(DIRECTIONS FOR THIS TASK)
Keep to one stretch of the data below, the lines from the one with "(Cscal (1 / 2) (Cmul" up to and including the one with "Definition psol2 (A", and return that stretch exactly.

(RECORDS FOR PROCESSING)
(* A particular solution of  P'' + b P = - K - (PI - t)^2 / 4  with P'(PI) = 0, and its derivatives. *)
Definition psol (A K : Cplx) (t : R) : Cplx :=
  Cadd (Cadd (Cadd (Copp (Cmul K (Cinv b))) (Cscal (- (PI - t) ^ 2 / 4) (Cinv b)))
             (Cscal (1 / 2) (Cmul (Cinv b) (Cinv b)))) (Cmul A (ccosPI t)).
Definition psol1 (A : Cplx) (t : R) : Cplx :=
  Cadd (Cscal ((PI - t) / 2) (Cinv b)) (Copp (Cmul A (Cmul c (csinPI t)))).
Definition psol2 (A : Cplx) (t : R) : Cplx :=
  Cadd (Cscal (- / 2) (Cinv b)) (Copp (Cmul A (Cmul c (Cmul c (ccosPI t))))).

Lemma is_Cderive_psol (A K : Cplx) (t : R) : is_Cderive (psol A K) t (psol1 A t).
Proof.
  eapply is_Cderive_eq.
  - apply is_Cderive_plus; [apply is_Cderive_plus; [apply is_Cderive_plus |] |].
    + apply is_Cderive_const.
    + apply is_Cderive_scal. auto_derive; auto.
    + apply is_Cderive_const.
    + apply is_Cderive_mult_l, is_Cderive_cos_affine.
  - fold (csinPI t). unfold psol1, C0.
    apply Cplx_ext; destruct c, A, (Cinv b), (csinPI t); simpl; field.
Qed.

Lemma is_Cderive_psol1 (A : Cplx) (t : R) : is_Cderive (psol1 A) t (psol2 A t).
Proof.
  eapply is_Cderive_eq.
  - apply is_Cderive_plus.
    + apply is_Cderive_scal. auto_derive; auto.
    + apply is_Cderive_opp, is_Cderive_mult_l, is_Cderive_mult_l, is_Cderive_sin_affine.
  - fold (ccosPI t). unfold psol2. apply Cplx_ext; destruct c, A, (Cinv b), (ccosPI t); simpl; field.
Qed.

Lemma psol_ode (A K : Cplx) (t : R) :
  Cadd (psol2 A t) (Cmul b (psol A K t)) = Copp (Cadd K (RtoC ((PI - t) ^ 2 / 4))).
Proof.
  pose proof b_neq0 as Hb. pose proof c_neq0 as Hc. unfold psol, psol2.
  rewrite !Cscal_RtoC, <- c_sq.
  replace (RtoC (- (PI - t) ^ 2 / 4)) with (Copp (RtoC ((PI - t) ^ 2 / 4)))
    by (apply Cplx_ext; simpl; field).
  replace (RtoC (- / 2)) with (Copp (Cinv (Cadd C1 C1))) by (apply Cplx_ext; simpl; field).
  replace (RtoC (1 / 2)) with (Cinv (Cadd C1 C1)) by (apply Cplx_ext; simpl; field).
  rewrite <- c_sq in Hb. field. split; [exact Hc |].
  unfold C0; intros E; inversion E; lra.
Qed.

Definition defect (A : Cplx) (N : nat) (t : R) : Cplx :=
  Csub (quad_res_sum N t) (psol A (cos_res_sum N PI) t).
Definition defect1 (A : Cplx) (N : nat) (t : R) : Cplx := Csub (dquad_res_sum N t) (psol1 A t).
Definition defect2 (A : Cplx) (N : nat) (t : R) : Cplx := Csub (Copp (cos_res_sum N t)) (psol2 A t).

Lemma is_Cderive_defect (A : Cplx) (N : nat) (t : R) : is_Cderive (defect A N) t (defect1 A N t).
Proof. apply is_Cderive_minus; [apply is_Cderive_quad_res_sum | apply is_Cderive_psol]. Qed.

Lemma is_Cderive_defect1 (A : Cplx) (N : nat) (t : R) : is_Cderive (defect1 A N) t (defect2 A N t).
Proof. apply is_Cderive_minus; [apply is_Cderive_dquad_res_sum | apply is_Cderive_psol1]. Qed.

Lemma defect_ode (A : Cplx) (N : nat) (t : R) :
  Cadd (defect2 A N t) (Cmul b (defect A N t)) = Copp (RtoC (quad_err N t)).
Proof.
  pose proof (psol_ode A (cos_res_sum N PI) t) as E.
  unfold defect2, defect, quad_err. rewrite cos_res_sum_split at 1. rewrite RtoC_minus.
  set (P2 := psol2 A t) in *. set (P := psol A (cos_res_sum N PI) t) in *.
  replace P2 with (Csub (Copp (Cadd (cos_res_sum N PI) (RtoC ((PI - t) ^ 2 / 4)))) (Cmul b P))
    by (rewrite <- E; unfold Csub; ring).
  unfold Csub. ring.
Qed.

(* Variation of constants, started at 0 and at PI respectively. *)
Definition wronsk0 (A : Cplx) (N : nat) (t : R) : Cplx :=
  Csub (Cmul (defect A N t) (Copp (Cmul c (csin0 t)))) (Cmul (defect1 A N t) (ccos0 t)).
Definition wronskPI (A : Cplx) (N : nat) (t : R) : Cplx :=
  Csub (Cmul (defect A N t) (Copp (Cmul c (csinPI t)))) (Cmul (defect1 A N t) (ccosPI t)).

Lemma is_Cderive_wronsk0 (A : Cplx) (N : nat) (t : R) :
  is_Cderive (wronsk0 A N) t (Cmul (RtoC (quad_err N t)) (ccos0 t)).
Proof.
  eapply is_Cderive_eq.
  - apply is_Cderive_minus; apply is_Cderive_mult.
    + apply is_Cderive_defect.
    + apply is_Cderive_opp, is_Cderive_mult_l, is_Cderive_sin_affine.
    + apply is_Cderive_defect1.
    + apply is_Cderive_cos_affine.
  - fold (ccos0 t) (csin0 t).
    transitivity (Cmul (Copp (Cadd (defect2 A N t) (Cmul (Cmul c c) (defect A N t)))) (ccos0 t));
      [unfold Csub; ring |].
    rewrite c_sq, defect_ode. ring.
Qed.

Lemma is_Cderive_wronskPI (A : Cplx) (N : nat) (t : R) :
  is_Cderive (wronskPI A N) t (Cmul (RtoC (quad_err N t)) (ccosPI t)).
Proof.
  eapply is_Cderive_eq.
  - apply is_Cderive_minus; apply is_Cderive_mult.
    + apply is_Cderive_defect.
    + apply is_Cderive_opp, is_Cderive_mult_l, is_Cderive_sin_affine.
    + apply is_Cderive_defect1.
    + apply is_Cderive_cos_affine.
  - fold (ccosPI t) (csinPI t).
    transitivity (Cmul (Copp (Cadd (defect2 A N t) (Cmul (Cmul c c) (defect A N t)))) (ccosPI t));
      [unfold Csub; ring |].
    rewrite c_sq, defect_ode. ring.
Qed.

Lemma wronsk_elim (A : Cplx) (N : nat) (t : R) :
  Csub (Cmul (wronsk0 A N t) (ccosPI t)) (Cmul (wronskPI A N t) (ccos0 t)) =
  Copp (Cmul (Cmul c (defect A N t)) (Csin (Cscal PI c))).
Proof.
  replace (Csin (Cscal PI c)) with (Csub (Cmul (csin0 t) (ccosPI t)) (Cmul (ccos0 t) (csinPI t))).
  - unfold wronsk0, wronskPI, Csub. ring.
  - unfold csin0, ccosPI, ccos0, csinPI. rewrite <- Csin_sub. f_equal.
    destruct c; unfold Caffine, C0; Cplx_ring.
Qed.

Lemma csin0_0 : csin0 0 = C0.
Proof.
  unfold csin0, Caffine, Csin, C0; simpl.
  rewrite !Rmult_0_l, !Rplus_0_l, sin_0, sinh_0. apply Cplx_ext; simpl; ring.
Qed.

Lemma csinPI_PI : csinPI PI = C0.
Proof.
  unfold csinPI, Caffine, Csin, C0; simpl.
  replace (PI * fst c + - PI * fst c) with 0 by ring.
  replace (PI * snd c + - PI * snd c) with 0 by ring.
  rewrite sin_0, sinh_0. apply Cplx_ext; simpl; ring.
Qed.

Lemma csinPI_0 : csinPI 0 = Copp (Csin (Cscal PI c)).
Proof.
  rewrite <- Csin_opp. unfold csinPI. f_equal. destruct c; unfold Caffine; Cplx_ring.
Qed.

Hypothesis sin_PI_c_neq0 : Csin (Cscal PI c) <> C0.

(* The amplitude making [psol1 A 0 = 0]. *)
Definition psol_amp : Cplx := Cdiv (RtoC (- PI / 2)) (Cmul b (Cmul c (Csin (Cscal PI c)))).

Lemma psol1_amp_0 : psol1 psol_amp 0 = C0.
Proof.
  pose proof b_neq0. pose proof c_neq0.
  unfold psol1, psol_amp. rewrite csinPI_0, Cscal_RtoC.
  replace (RtoC ((PI - 0) / 2)) with (Copp (RtoC (- PI / 2))) by (apply Cplx_ext; simpl; field).
  unfold Cdiv. field. auto.
Qed.

Lemma psol1_PI (A : Cplx) : psol1 A PI = C0.
Proof.
  unfold psol1. rewrite csinPI_PI. replace ((PI - PI) / 2) with 0 by field.
  destruct (Cinv b), c, A; unfold C0; Cplx_ring.
Qed.

Lemma wronsk0_0 (N : nat) : wronsk0 psol_amp N 0 = C0.
Proof.
  unfold wronsk0, defect1. rewrite csin0_0, dquad_res_sum_0, psol1_amp_0.
  unfold C0, Csub; Cplx_ring.
Qed.

Lemma wronskPI_PI (A : Cplx) (N : nat) : wronskPI A N PI = C0.
Proof.
  unfold wronskPI, defect1. rewrite csinPI_PI, dquad_res_sum_PI, psol1_PI.
  unfold C0, Csub; Cplx_ring.
Qed.

(* The sum of the series: 1/(2b) - PI cos (c (t - PI)) / (2 c sin (PI c)). *)
Definition res_limit (t : R) : Cplx :=
  Cadd (Cscal (1 / 2) (Cinv b)) (Cmul (Cmul b psol_amp) (ccosPI t)).

Lemma cos_res_sum_decomp (N : nat) (t : R) :
  cos_res_sum N t = Cadd (Cadd (RtoC (quad_err N t)) (Cmul b (defect psol_amp N t))) (res_limit t).
Proof.
  pose proof b_neq0. rewrite cos_res_sum_split at 1.
  unfold defect, res_limit, psol, quad_err. rewrite !Cscal_RtoC, RtoC_minus.
  replace (RtoC (- (PI - t) ^ 2 / 4)) with (Copp (RtoC ((PI - t) ^ 2 / 4)))
    by (apply Cplx_ext; simpl; field).
  unfold Csub. field. auto.
Qed.

Definition ccos_bound : R := 2 * exp (Rabs (snd c) * PI).

Lemma Cnorm1_ccos0_le (t : R) : 0 <= t <= PI -> Cnorm1 (ccos0 t) <= ccos_bound.
Proof.
  intros H. eapply Rle_trans; [apply Cnorm1_Ccos_le |].
  apply Rmult_le_compat_l; [lra |]. apply exp_le.
  unfold Caffine, C0; simpl. rewrite Rplus_0_r, Rabs_mult, (Rabs_right t) by lra.
  rewrite Rmult_comm. apply Rmult_le_compat_l; [apply Rabs_pos | lra].
Qed.

Lemma Cnorm1_ccosPI_le (t : R) : 0 <= t <= PI -> Cnorm1 (ccosPI t) <= ccos_bound.
Proof.
  intros H. eapply Rle_trans; [apply Cnorm1_Ccos_le |].
  apply Rmult_le_compat_l; [lra |]. apply exp_le.
  unfold Caffine; simpl. replace (t * snd c + - PI * snd c) with ((t - PI) * snd c) by ring.
  rewrite Rabs_mult, (Rabs_left1 (t - PI)) by lra.
  rewrite Rmult_comm. apply Rmult_le_compat_l; [apply Rabs_pos | lra].
Qed.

(RESPONSE TO THIS TASK)
             (Cscal (1 / 2) (Cmul (Cinv b) (Cinv b)))) (Cmul A (ccosPI t)).
Definition psol1 (A : Cplx) (t : R) : Cplx :=
  Cadd (Cscal ((PI - t) / 2) (Cinv b)) (Copp (Cmul A (Cmul c (csinPI t)))).
Definition psol2 (A : Cplx) (t : R) : Cplx :=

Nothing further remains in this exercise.